---------- Provided records
(* Let $b\ge2$, $d\ge1$ be integers, $\ell\in\mathbb{N}_0$ and $0<\epsilon<b^{-\ell}$. For every $L\in\mathbb{N}$ there exists $q_d\in\mathcal{NN}_{d,1}(2d\,b^{\lceil\ell/L\rceil},L)$ such that for every ${\bf i}\in I_\ell$, \[ q_d(x)=\mathrm{ind}({\bf i}):=\sum_{j=1}^d b^{\ell(j-1)}{\bf i}_j\qquad\text{for all } x\in\Omega^\ell_{{\bf i},\epsilon}. \]
   Context: $\mathcal{NN}_{d,k}(W,L)$: set of maps $g:\mathbb{R}^d\to\mathbb{R}^k$ given by $g_0(x)=x$, $g_{\ell+1}(x)=\sigma(A_\ell g_\ell(x)+b_\ell)$ ($\ell=0,\dots,L-1$), $g(x)=A_Lg_L(x)+b_L$, with $A_\ell\in\mathbb{R}^{N_{\ell+1}\times N_\ell}$, $b_\ell\in\mathbb{R}^{N_{\ell+1}}$, $N_0=d$, $N_{L+1}=k$, $\max\{N_1,\dots,N_L\}\le W$, $\sigma(t)=\max\{t,0\}$ componentwise. Partition with base $b$: for $\ell\in\mathbb{N}_0$, $I_\ell=\{0,\dots,b^\ell-1\}^d$. For ${\bf i}\in I_\ell$ and $\epsilon>0$, $\Omega^\ell_{{\bf i},\epsilon}=\prod_{j=1}^dJ_j$ where $J_j=[b^{-\ell}{\bf i}_j,\,b^{-\ell}({\bf i}_j+1)-\epsilon)$ if ${\bf i}_j<b^\ell-1$ and $J_j=[1-b^{-\ell},1)$ if ${\bf i}_j=b^\ell-1$. *)

From HB Require Import structures.
From mathcomp Require Import all_boot all_order all_algebra.
From mathcomp Require Import reals.
Set Implicit Arguments. Unset Strict Implicit. Unset Printing Implicit Defensive.
Import Order.TTheory GRing.Theory Num.Theory.
Local Open Scope ring_scope.

Definition relu {R : realType} (t : R) : R := Num.max t 0.

(* A ReLU network with output dimension k, input dimension n and L hidden layers. *)
Inductive relu_net (R : realType) (k : nat) : nat -> nat -> Type :=
| NOut (n : nat) (A : 'M[R]_(k, n)) (b : 'cV[R]_k) : relu_net R k n 0
| NLayer (n m L : nat) (A : 'M[R]_(m, n)) (b : 'cV[R]_m) (N : relu_net R k m L)
    : relu_net R k n L.+1.

Fixpoint net_width (R : realType) (k n L : nat) (N : relu_net R k n L) : nat :=
  match N with
  | NOut _ _ _ => 0%N
  | @NLayer _ _ _ m _ _ _ N' => maxn m (net_width N')
  end.

Fixpoint net_eval (R : realType) (k n L : nat) (N : relu_net R k n L)
  : 'cV[R]_n -> 'cV[R]_k :=
  match N with
  | NOut _ A b => fun x => A *m x + b
  | NLayer _ _ _ A b N' => fun x => net_eval N' (map_mx relu (A *m x + b))
  end.

Definition NN (R : realType) (d k W L : nat) : ('cV[R]_d -> 'cV[R]_k) -> Prop :=
  fun g => exists N : relu_net R k d L, (net_width N <= W)%N /\ net_eval N = g.

Definition bpow_inv (R : realType) (b l : nat) : R := ((b ^ l)%N%:R)^-1.

Definition in_Omega (R : realType) (b d l : nat) (i : 'I_d -> nat) (eps : R)
    (x : 'cV[R]_d) : Prop :=
  forall j : 'I_d,
    if (i j < (b ^ l).-1)%N then
      bpow_inv R b l * (i j)%:R <= x j ord0 /\
      x j ord0 < bpow_inv R b l * (i j).+1%:R - eps
    else 1 - bpow_inv R b l <= x j ord0 /\ x j ord0 < 1.

(* ind(i) = sum_{j=1}^d b^{l(j-1)} i_j  (0-based j here) *)
Definition ind (R : realType) (b d l : nat) (i : 'I_d -> nat) : R :=
  \sum_(j < d) ((b ^ (l * j)) * i j)%N%:R.

From HB Require Import structures.
From mathcomp Require Import all_boot all_order all_algebra.
From mathcomp Require Import reals.
From mathcomp Require Import zify.
From mathcomp.algebra_tactics Require Import ring lra.
Set Implicit Arguments. Unset Strict Implicit. Unset Printing Implicit Defensive.
Import Order.TTheory GRing.Theory Num.Theory.
Local Open Scope ring_scope.

(* The first layer applies y = (1 - eps/2) b^l x + (b^l - 1) eps/2 coordinatewise; on
   Omega^l_{i,eps} this puts y_j in [i_j, i_j + 1 - eps/2], so i_j is the integer part of
   y_j with a margin eps/2.  The remaining layers extract i_j in base B = b^m,
   m = ceil(l/L), most significant digit first: each layer carries y_j and the partial
   value s_j (i_j rounded down to a multiple of B^(k+1)) through two identity neurons,
   and adds B^k times the next digit, written as the sum over t = 1..B-1 of the steps
   [t B^k <= y_j - s_j]; each step is the difference of two ReLU ramps of slope 2/eps.
   This takes 2B neurons per coordinate, and the output layer returns
   sum_j b^(l j) i_j. *)

Lemma ge0_relu (R : realType) (t : R) : 0 <= t -> relu t = t.
Proof. by move=> t_ge0; rewrite /relu max_l. Qed.

Lemma le0_relu (R : realType) (t : R) : t <= 0 -> relu t = 0.
Proof. by move=> t_le0; rewrite /relu max_r. Qed.

Lemma relu_ramp_diff (R : realType) (rho r : R) (i a : nat) : 0 < rho ->
  i%:R <= r <= i%:R + 1 - rho ->
  relu ((r - a%:R + rho) / rho) - relu ((r - a%:R) / rho) = (a <= i)%N%:R.
Proof.
move=> rho_gt0 /andP[ri ir]; case: leqP => [ai | ia] /=.
  have ai' : a%:R <= i%:R :> R by rewrite ler_nat.
  by rewrite !ge0_relu ?divr_ge0 //; [field; rewrite gt_eqF | lra..].
have ia' : i%:R + 1 <= a%:R :> R by rewrite natr1 ler_nat.
by rewrite !le0_relu ?subr0 // pmulr_lle0 ?invr_gt0 //; lra.
Qed.

Lemma sum_ord_pos_le (K B : nat) : (K < B)%N ->
  (\sum_(t < B) ((0 < t) && (t <= K)))%N = K.
Proof.
suff sum_min : (\sum_(t < B) ((0 < t) && (t <= K)))%N = minn K B.-1 by lia.
elim: B => [|B IH]; first by rewrite big_ord0; lia.
rewrite big_ord_recr /= IH; case: B {IH} => [|B] /=; first lia.
case: leqP => /=; lia.
Qed.

Section DigitUnits.
Variables (R : realType) (B : nat) (rho : R).
Implicit Types (u : 'I_B * bool) (q Q Y S : R).

(* Unit (0, false) copies Y and unit (0, true) copies S; for t > 0, units (t, false) and
   (t, true) are the ramps (Y - S - t q + rho) / rho and (Y - S - t q) / rho. *)
Definition unit_wY u : R := if u.1 == 0%N :> nat then (~~ u.2)%:R else rho^-1.
Definition unit_wS u : R := if u.1 == 0%N :> nat then u.2%:R else - rho^-1.
Definition unit_bias q u : R :=
  if u.1 == 0%N :> nat then 0 else (~~ u.2)%:R - u.1%:R * q / rho.

Definition digit_unit q u Y S : R := relu (unit_wY u * Y + unit_wS u * S + unit_bias q u).

Definition readY u : R := ((u.1 == 0%N :> nat) && ~~ u.2)%:R.
Definition readS Q u : R := if u.1 == 0%N :> nat then u.2%:R else if u.2 then - Q else Q.

Lemma readY_digit q Y S : (0 < B)%N -> 0 <= Y ->
  \sum_(t < B) \sum_(e : bool) readY (t, e) * digit_unit q (t, e) Y S = Y.
Proof.
move=> B_gt0 Y_ge0; rewrite (bigD1 (Ordinal B_gt0)) //= [X in _ + X]big1 ?addr0.
  rewrite big_bool /readY /digit_unit /unit_wY /unit_wS /unit_bias /=.
  by rewrite !mul0r !add0r !mul1r !addr0 ge0_relu.
move=> t t_neq0; have /negbTE t_neq0' : t != 0%N :> nat by [].
by rewrite big_bool /readY /= t_neq0' !mul0r addr0.
Qed.

Lemma readS_digit (q i : nat) (y : R) : 0 < rho -> (0 < q)%N -> (0 < B)%N ->
  i%:R <= y <= i%:R + 1 - rho ->
  \sum_(t < B) \sum_(e : bool) readS q%:R (t, e) *
     digit_unit q%:R (t, e) y (i %/ (q * B) * (q * B))%N%:R = (i %/ q * q)%N%:R.
Proof.
move=> rho_gt0 q_gt0 B_gt0 /andP[iy yi].
set s := (i %/ (q * B) * (q * B))%N; set r := (i %% (q * B))%N.
have i_sr : i = (s + r)%N by rewrite /s /r -divn_eq.
have r_lt : (r < q * B)%N by rewrite ltn_pmod // muln_gt0 q_gt0.
have unit_pair (t : 'I_B) :
  \sum_(e : bool) readS q%:R (t, e) * digit_unit q%:R (t, e) y s%:R
    = if t == 0%N :> nat then s%:R else q%:R * ((0 < t) && (t * q <= r))%N%:R.
  rewrite big_bool /readS /digit_unit /unit_wY /unit_wS /unit_bias /=.
  case: eqP => [_|t_neq0] /=.
    by rewrite !mul0r !mul1r !add0r !addr0 ge0_relu ?ler0n.
  have t_gt0 : (0 < t)%N by rewrite lt0n; apply/eqP.
  rewrite t_gt0 -(@relu_ramp_diff _ rho (y - s%:R) r (t * q)) //; last first.
    by rewrite i_sr natrD in iy yi; apply/andP; split; lra.
  rewrite mulrBr mulNr addrC; congr (_ * relu _ - _ * relu _);
    by rewrite natrM; field; rewrite gt_eqF.
rewrite (eq_bigr _ (fun t _ => unit_pair t)) (bigD1 (Ordinal B_gt0)) //=.
rewrite (eq_bigr (fun t : 'I_B => q%:R * ((0 < t) && (t <= r %/ q))%N%:R)); last first.
  by move=> t t_neq0; have /negbTE -> : t != 0%N :> nat by []; rewrite leq_divRL.
rewrite -mulr_sumr -natr_sum.
have := @sum_ord_pos_le (r %/ q) B; rewrite (bigD1 (Ordinal B_gt0)) //= add0n => ->; last first.
  by rewrite ltn_divLR // mulnC.
have s_mul : s = (i %/ (q * B) * B * q)%N by rewrite /s -mulnA (mulnC B).
by rewrite -natrM -natrD i_sr s_mul divnMDl // mulnDl (mulnC q (r %/ q)%N).
Qed.
End DigitUnits.
Arguments readY {R B} u.

Section DigitNetwork.
Variables (R : realType) (b l d B : nat) (rho : R).
Local Notation node := ('I_d * ('I_B * bool))%type.
Local Notation width := #|{: node}|.

Lemma sum_nodes (F : 'I_width -> R) :
  \sum_(k < width) F k =
    \sum_(j < d) \sum_(t < B) \sum_(e : bool) F (enum_rank (j, (t, e))).
Proof.
rewrite (eq_bigr (fun k => F (enum_rank (enum_val k)))) => [|k _]; last first.
  by rewrite enum_valK.
rewrite -(big_enum_val (fun p : node => F (enum_rank p))).
under [RHS]eq_bigr => j _ do rewrite pair_bigA.
by rewrite pair_bigA; apply: eq_big => // -[j [t e]].
Qed.

Definition input_layer (lam : R) : 'M[R]_(width, d) :=
  \matrix_(k, j) let p : node := enum_val k in if p.1 == j then unit_wY rho p.2 * lam else 0.
Definition input_bias (mu q : R) : 'cV[R]_width :=
  \col_k let p : node := enum_val k in unit_wY rho p.2 * mu + unit_bias rho q p.2.
Definition digit_layer (Q : R) : 'M[R]_(width, width) :=
  \matrix_(k, k') let p : node := enum_val k in let p' : node := enum_val k' in
    if p'.1 == p.1 then unit_wY rho p.2 * readY p'.2 + unit_wS rho p.2 * readS Q p'.2 else 0.
Definition digit_bias (q : R) : 'cV[R]_width := \col_k unit_bias rho q (enum_val k : node).2.
Definition output_layer : 'M[R]_(1, width) :=
  \matrix_(_, k) let p : node := enum_val k in (b ^ (l * p.1))%N%:R * readS 1 p.2.

Fixpoint digit_tail (k : nat) : relu_net R 1 width k :=
  match k with
  | 0 => NOut output_layer 0
  | k.+1 => NLayer (digit_layer (B ^ k.+1)%N%:R) (digit_bias (B ^ k)%N%:R) (digit_tail k)
  end.

Definition digit_net (lam mu : R) (L : nat) : relu_net R 1 d L.+1 :=
  NLayer (input_layer lam) (input_bias mu (B ^ L)%N%:R) (digit_tail L).

Lemma digit_net_width lam mu L : (net_width (digit_net lam mu L) <= width)%N.
Proof. by rewrite /= geq_max leqnn; elim: L => //= L IH; rewrite geq_max leqnn. Qed.

Lemma input_layer_mul lam (x : 'cV[R]_d) (p : node) :
  (input_layer lam *m x) (enum_rank p) 0 = unit_wY rho p.2 * (lam * x p.1 0).
Proof.
rewrite !mxE (bigD1 p.1) //= big1 ?addr0; first by rewrite !mxE enum_rankK /= eqxx mulrA.
by move=> j /negbTE j_neq; rewrite !mxE enum_rankK /= eq_sym j_neq mul0r.
Qed.

Lemma digit_layer_mul Q (v : 'cV[R]_width) (p : node) :
  (digit_layer Q *m v) (enum_rank p) 0 =
    unit_wY rho p.2 * \sum_(t < B) \sum_(e : bool) readY (t, e) * v (enum_rank (p.1, (t, e))) 0
  + unit_wS rho p.2 * \sum_(t < B) \sum_(e : bool) readS Q (t, e) * v (enum_rank (p.1, (t, e))) 0.
Proof.
rewrite !mxE sum_nodes (bigD1 p.1) //= [X in _ + X]big1 ?addr0; last first.
  move=> j j_neq; apply: big1 => t _; apply: big1 => e _.
  by rewrite !mxE !enum_rankK /= (negbTE j_neq) mul0r.
rewrite !mulr_sumr -!big_split /=; apply: eq_bigr => t _.
rewrite !mulr_sumr -!big_split /=; apply: eq_bigr => e _.
by rewrite !mxE !enum_rankK /= eqxx mulrDl !mulrA.
Qed.

Lemma output_layer_mul (v : 'cV[R]_width) :
  (output_layer *m v) 0 0 = \sum_(j < d) (b ^ (l * j))%N%:R *
     \sum_(t < B) \sum_(e : bool) readS 1 (t, e) * v (enum_rank (j, (t, e))) 0.
Proof.
rewrite !mxE sum_nodes; apply: eq_bigr => j _; rewrite mulr_sumr; apply: eq_bigr => t _.
by rewrite mulr_sumr; apply: eq_bigr => e _; rewrite !mxE enum_rankK /= mulrA.
Qed.

Definition digit_state (k : nat) (i : 'I_d -> nat) (y : 'I_d -> R) (v : 'cV[R]_width) :=
  forall p : node, v (enum_rank p) 0 =
    digit_unit rho (B ^ k)%N%:R p.2 (y p.1) (i p.1 %/ (B ^ k * B) * (B ^ k * B))%N%:R.

Hypotheses (rho_gt0 : 0 < rho) (B_gt0 : (0 < B)%N).

Lemma digit_tail_eval k i y v : (forall j, (i j)%:R <= y j <= (i j)%:R + 1 - rho) ->
  digit_state k i y v -> net_eval (digit_tail k) v 0 0 = @ind R b d l i.
Proof.
move=> y_near; elim: k v => [|k IH] v v_state /=.
  rewrite addr0 output_layer_mul /ind; apply: eq_bigr => j _.
  under eq_bigr do under eq_bigr do rewrite v_state /=.
  by rewrite (readS_digit (q := 1)) // divn1 muln1 natrM.
apply: IH => p; rewrite mxE [X in relu X]mxE digit_layer_mul mxE enum_rankK.
under eq_bigr do under eq_bigr do rewrite v_state /=.
under [X in _ + _ * X + _]eq_bigr do under eq_bigr do rewrite v_state /=.
have /andP[iy yi] := y_near p.1.
rewrite readY_digit ?(le_trans _ iy) // readS_digit ?expn_gt0 ?B_gt0 //.
by rewrite -expnSr.
Qed.

Lemma digit_net_eval lam mu L i (x : 'cV[R]_d) : (forall j, (i j < B ^ L.+1)%N) ->
  (forall j, (i j)%:R <= lam * x j 0 + mu <= (i j)%:R + 1 - rho) ->
  net_eval (digit_net lam mu L) x 0 0 = @ind R b d l i.
Proof.
move=> i_lt x_near; apply: (digit_tail_eval x_near) => p.
rewrite mxE [X in relu X]mxE input_layer_mul mxE enum_rankK -expnSr divn_small //.
by rewrite mul0n /digit_unit; congr relu; ring.
Qed.

End DigitNetwork.

Lemma rescale_interior (R : realFieldType) (N eps i z : R) :
  0 < eps -> eps * N < 1 -> 0 <= i -> i + 2 <= N -> i <= z -> z < i + 1 - eps * N ->
  i <= (1 - eps / 2) * z + (N - 1) * (eps / 2) <= i + 1 - eps / 2.
Proof.
move=> eps_gt0 epsN_lt1 i_ge0 iN iz zi.
have eps_lt1 : eps < 1 by nra.
have slope_ge0 : 0 <= 1 - eps / 2 by lra.
have lo : 0 <= (1 - eps / 2) * (z - i) by rewrite mulr_ge0 // subr_ge0.
have hi : 0 <= (1 - eps / 2) * (i + 1 - eps * N - z) by rewrite mulr_ge0 // subr_ge0 ltW.
apply/andP; split; nra.
Qed.

Lemma rescale_last (R : realFieldType) (N eps z : R) :
  0 < eps -> eps < 1 -> N - 1 <= z -> z < N ->
  N - 1 <= (1 - eps / 2) * z + (N - 1) * (eps / 2) <= N - eps / 2.
Proof.
move=> eps_gt0 eps_lt1 Nz zN.
have slope_ge0 : 0 <= 1 - eps / 2 by lra.
have lo : 0 <= (1 - eps / 2) * (z - (N - 1)) by rewrite mulr_ge0 // subr_ge0.
have hi : 0 <= (1 - eps / 2) * (N - z) by rewrite mulr_ge0 // subr_ge0 ltW.
apply/andP; split; nra.
Qed.

Lemma Omega_rescale (R : realType) (b d l : nat) (i : 'I_d -> nat) (eps : R)
    (x : 'cV[R]_d) (j : 'I_d) :
  (0 < b)%N -> 0 < eps -> eps < bpow_inv R b l -> (i j < b ^ l)%N ->
  @in_Omega R b d l i eps x ->
  (i j)%:R <= (1 - eps / 2) * (b ^ l)%N%:R * x j 0 + ((b ^ l)%N%:R - 1) * (eps / 2)
           <= (i j)%:R + 1 - eps / 2.
Proof.
move=> b_gt0 eps_gt0 eps_lt ij_lt /(_ j).
set N : R := (b ^ l)%N%:R; set z := N * x j 0; rewrite -mulrA -/z.
have N_ge1 : 1 <= N by rewrite ler1n expn_gt0 b_gt0.
have NV : N * bpow_inv R b l = 1 by rewrite mulfV // gt_eqF //; lra.
have scale_le u v : u <= v -> N * u <= N * v by apply: ler_wpM2l; lra.
have scale_lt u v : u < v -> N * u < N * v by rewrite ltr_pM2l //; lra.
have epsN_lt1 : eps * N < 1 by rewrite -NV mulrC scale_lt.
case: ifP => ij_mid [lo hi].
  apply: rescale_interior; rewrite ?ler0n //.
  - by rewrite /N -natrD ler_nat; lia.
  - by move/scale_le: lo; rewrite mulrA NV mul1r.
  - by move/scale_lt: hi; rewrite mulrBr mulrA NV mul1r -/z -natr1 (mulrC N).
have bl_eq : (b ^ l)%N = (i j).+1 by move: ij_mid ij_lt; lia.
have -> : (i j)%:R = N - 1 by rewrite /N bl_eq -natr1 addrK.
rewrite subrK; apply: rescale_last => //.
- by apply: lt_le_trans eps_lt _; rewrite -NV ler_peMl ?invr_ge0 ?ler0n.
- by move/scale_le: lo; rewrite mulrBr mulr1 NV.
- by move/scale_lt: hi; rewrite mulr1.
Qed.

Theorem mainTheorem6 (R : realType) (b d l : nat) (eps : R) :
  (2 <= b)%N -> (1 <= d)%N -> 0 < eps -> eps < bpow_inv R b l ->
  forall L : nat, (1 <= L)%N ->
  exists q : 'cV[R]_d -> 'cV[R]_1,
    @NN R d 1 (2 * d * b ^ ((l + L.-1) %/ L))%N L q /\
    forall i : 'I_d -> nat, (forall j, i j < b ^ l)%N ->
      forall x : 'cV[R]_d, @in_Omega R b d l i eps x -> q x ord0 ord0 = @ind R b d l i.
Proof.
move=> b_ge2 _ eps_gt0 eps_lt [//|L] _ /=.
have b_gt0 : (0 < b)%N by lia.
set m := ((l + L) %/ L.+1)%N; set B := (b ^ m)%N; set N : R := (b ^ l)%N%:R.
have B_gt0 : (0 < B)%N by rewrite expn_gt0 b_gt0.
pose net := digit_net b l d B (eps / 2) ((1 - eps / 2) * N) ((N - 1) * (eps / 2)) L.
exists (net_eval net); split.
  exists net; split => //; apply: leq_trans (digit_net_width _ _ _ _ _ _ _ _) _.
  by rewrite !card_prod card_bool !card_ord; lia.
move=> i i_lt x x_Omega; apply: digit_net_eval => //.
- by lra.
- have l_le : (l <= m * L.+1)%N by have := ltn_ceil (l + L) (ltn0Sn L); rewrite -/m; nia.
  by move=> j; apply: leq_trans (i_lt j) _; rewrite -expnM leq_pexp2l.
- by move=> j; apply: Omega_rescale.
Qed.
--------------------
Filter the data above by the word "Ordinal" and copy every line that matches.

move=> B_gt0 Y_ge0; rewrite (bigD1 (Ordinal B_gt0)) //= [X in _ + X]big1 ?addr0.
rewrite (eq_bigr _ (fun t _ => unit_pair t)) (bigD1 (Ordinal B_gt0)) //=.
have := @sum_ord_pos_le (r %/ q) B; rewrite (bigD1 (Ordinal B_gt0)) //= add0n => ->; last first.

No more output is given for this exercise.